▶ [Task brief]
In the listing below, find each line that holds the string "mathcomp" and copy it.
▼
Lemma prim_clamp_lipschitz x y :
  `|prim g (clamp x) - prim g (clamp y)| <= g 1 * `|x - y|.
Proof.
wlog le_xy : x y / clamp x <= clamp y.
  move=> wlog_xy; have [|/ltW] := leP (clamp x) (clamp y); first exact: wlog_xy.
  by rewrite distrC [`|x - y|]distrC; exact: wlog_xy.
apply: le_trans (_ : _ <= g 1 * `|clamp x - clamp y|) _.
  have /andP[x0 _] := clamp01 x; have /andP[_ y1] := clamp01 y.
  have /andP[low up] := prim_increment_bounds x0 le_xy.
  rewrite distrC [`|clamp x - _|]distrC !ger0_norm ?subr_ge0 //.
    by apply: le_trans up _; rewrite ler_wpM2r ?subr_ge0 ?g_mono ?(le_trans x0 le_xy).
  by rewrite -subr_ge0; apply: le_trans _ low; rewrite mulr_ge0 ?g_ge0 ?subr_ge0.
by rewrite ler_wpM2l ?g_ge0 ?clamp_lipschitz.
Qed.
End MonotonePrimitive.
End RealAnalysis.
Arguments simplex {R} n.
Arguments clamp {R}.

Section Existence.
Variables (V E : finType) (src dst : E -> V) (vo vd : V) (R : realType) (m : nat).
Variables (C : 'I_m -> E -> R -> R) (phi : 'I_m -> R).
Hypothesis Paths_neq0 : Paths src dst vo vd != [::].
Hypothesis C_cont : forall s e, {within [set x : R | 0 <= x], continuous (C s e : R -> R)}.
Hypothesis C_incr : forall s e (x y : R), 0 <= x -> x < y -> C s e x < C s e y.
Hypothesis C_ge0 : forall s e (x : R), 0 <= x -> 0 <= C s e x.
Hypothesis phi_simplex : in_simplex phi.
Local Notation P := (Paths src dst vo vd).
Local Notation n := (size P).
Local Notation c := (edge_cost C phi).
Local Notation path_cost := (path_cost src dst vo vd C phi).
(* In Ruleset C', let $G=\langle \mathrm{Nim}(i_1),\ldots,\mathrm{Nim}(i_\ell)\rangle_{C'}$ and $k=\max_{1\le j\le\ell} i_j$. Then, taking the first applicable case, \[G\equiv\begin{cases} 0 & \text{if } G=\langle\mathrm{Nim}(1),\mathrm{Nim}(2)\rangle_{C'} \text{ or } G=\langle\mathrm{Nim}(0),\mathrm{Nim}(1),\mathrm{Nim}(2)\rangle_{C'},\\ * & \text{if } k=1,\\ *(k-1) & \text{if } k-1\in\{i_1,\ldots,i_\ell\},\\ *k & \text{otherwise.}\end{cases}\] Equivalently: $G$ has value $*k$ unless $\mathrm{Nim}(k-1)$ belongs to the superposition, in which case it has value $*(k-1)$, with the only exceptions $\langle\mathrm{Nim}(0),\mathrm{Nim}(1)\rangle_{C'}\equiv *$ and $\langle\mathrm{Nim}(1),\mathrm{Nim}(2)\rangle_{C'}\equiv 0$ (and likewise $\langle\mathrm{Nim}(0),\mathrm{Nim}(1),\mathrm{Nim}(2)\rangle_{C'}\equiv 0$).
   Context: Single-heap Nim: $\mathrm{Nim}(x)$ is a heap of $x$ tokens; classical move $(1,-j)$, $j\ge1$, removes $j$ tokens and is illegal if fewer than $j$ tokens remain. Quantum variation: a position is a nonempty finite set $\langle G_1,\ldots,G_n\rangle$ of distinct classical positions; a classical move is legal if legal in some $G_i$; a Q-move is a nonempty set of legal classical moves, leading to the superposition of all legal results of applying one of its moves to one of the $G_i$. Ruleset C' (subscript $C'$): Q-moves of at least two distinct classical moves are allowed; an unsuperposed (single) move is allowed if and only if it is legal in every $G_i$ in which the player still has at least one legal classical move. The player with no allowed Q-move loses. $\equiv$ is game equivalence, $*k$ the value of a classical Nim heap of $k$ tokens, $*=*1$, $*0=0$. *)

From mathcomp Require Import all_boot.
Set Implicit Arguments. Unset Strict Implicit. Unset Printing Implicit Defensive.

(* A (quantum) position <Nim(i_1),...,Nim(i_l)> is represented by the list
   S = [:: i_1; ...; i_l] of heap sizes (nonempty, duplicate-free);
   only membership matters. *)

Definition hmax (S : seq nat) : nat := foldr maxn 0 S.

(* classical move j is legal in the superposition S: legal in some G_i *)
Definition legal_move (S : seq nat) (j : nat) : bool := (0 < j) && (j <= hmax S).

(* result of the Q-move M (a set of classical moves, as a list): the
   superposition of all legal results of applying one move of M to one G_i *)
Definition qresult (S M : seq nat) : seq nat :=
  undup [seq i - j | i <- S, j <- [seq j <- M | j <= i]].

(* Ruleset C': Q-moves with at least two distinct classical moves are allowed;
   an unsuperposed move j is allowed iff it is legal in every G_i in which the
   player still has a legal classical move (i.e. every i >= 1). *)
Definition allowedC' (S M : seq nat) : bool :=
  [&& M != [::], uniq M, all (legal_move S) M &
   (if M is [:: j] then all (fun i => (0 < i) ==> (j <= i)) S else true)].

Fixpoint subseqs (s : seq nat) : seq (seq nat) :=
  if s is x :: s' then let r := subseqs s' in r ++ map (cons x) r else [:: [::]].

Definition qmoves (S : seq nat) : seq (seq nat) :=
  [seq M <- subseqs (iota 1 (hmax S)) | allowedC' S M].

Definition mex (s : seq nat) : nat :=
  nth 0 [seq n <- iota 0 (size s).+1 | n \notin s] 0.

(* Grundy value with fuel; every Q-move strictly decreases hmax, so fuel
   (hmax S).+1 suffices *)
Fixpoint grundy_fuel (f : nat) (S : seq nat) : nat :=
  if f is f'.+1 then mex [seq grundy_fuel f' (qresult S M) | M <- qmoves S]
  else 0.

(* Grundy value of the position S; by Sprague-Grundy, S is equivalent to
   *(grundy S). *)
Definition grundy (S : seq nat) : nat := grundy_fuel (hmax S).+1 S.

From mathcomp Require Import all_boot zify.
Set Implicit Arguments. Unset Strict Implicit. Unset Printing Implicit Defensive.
▲
▶ [Expected answer]
From mathcomp Require Import all_boot.
From mathcomp Require Import all_boot zify.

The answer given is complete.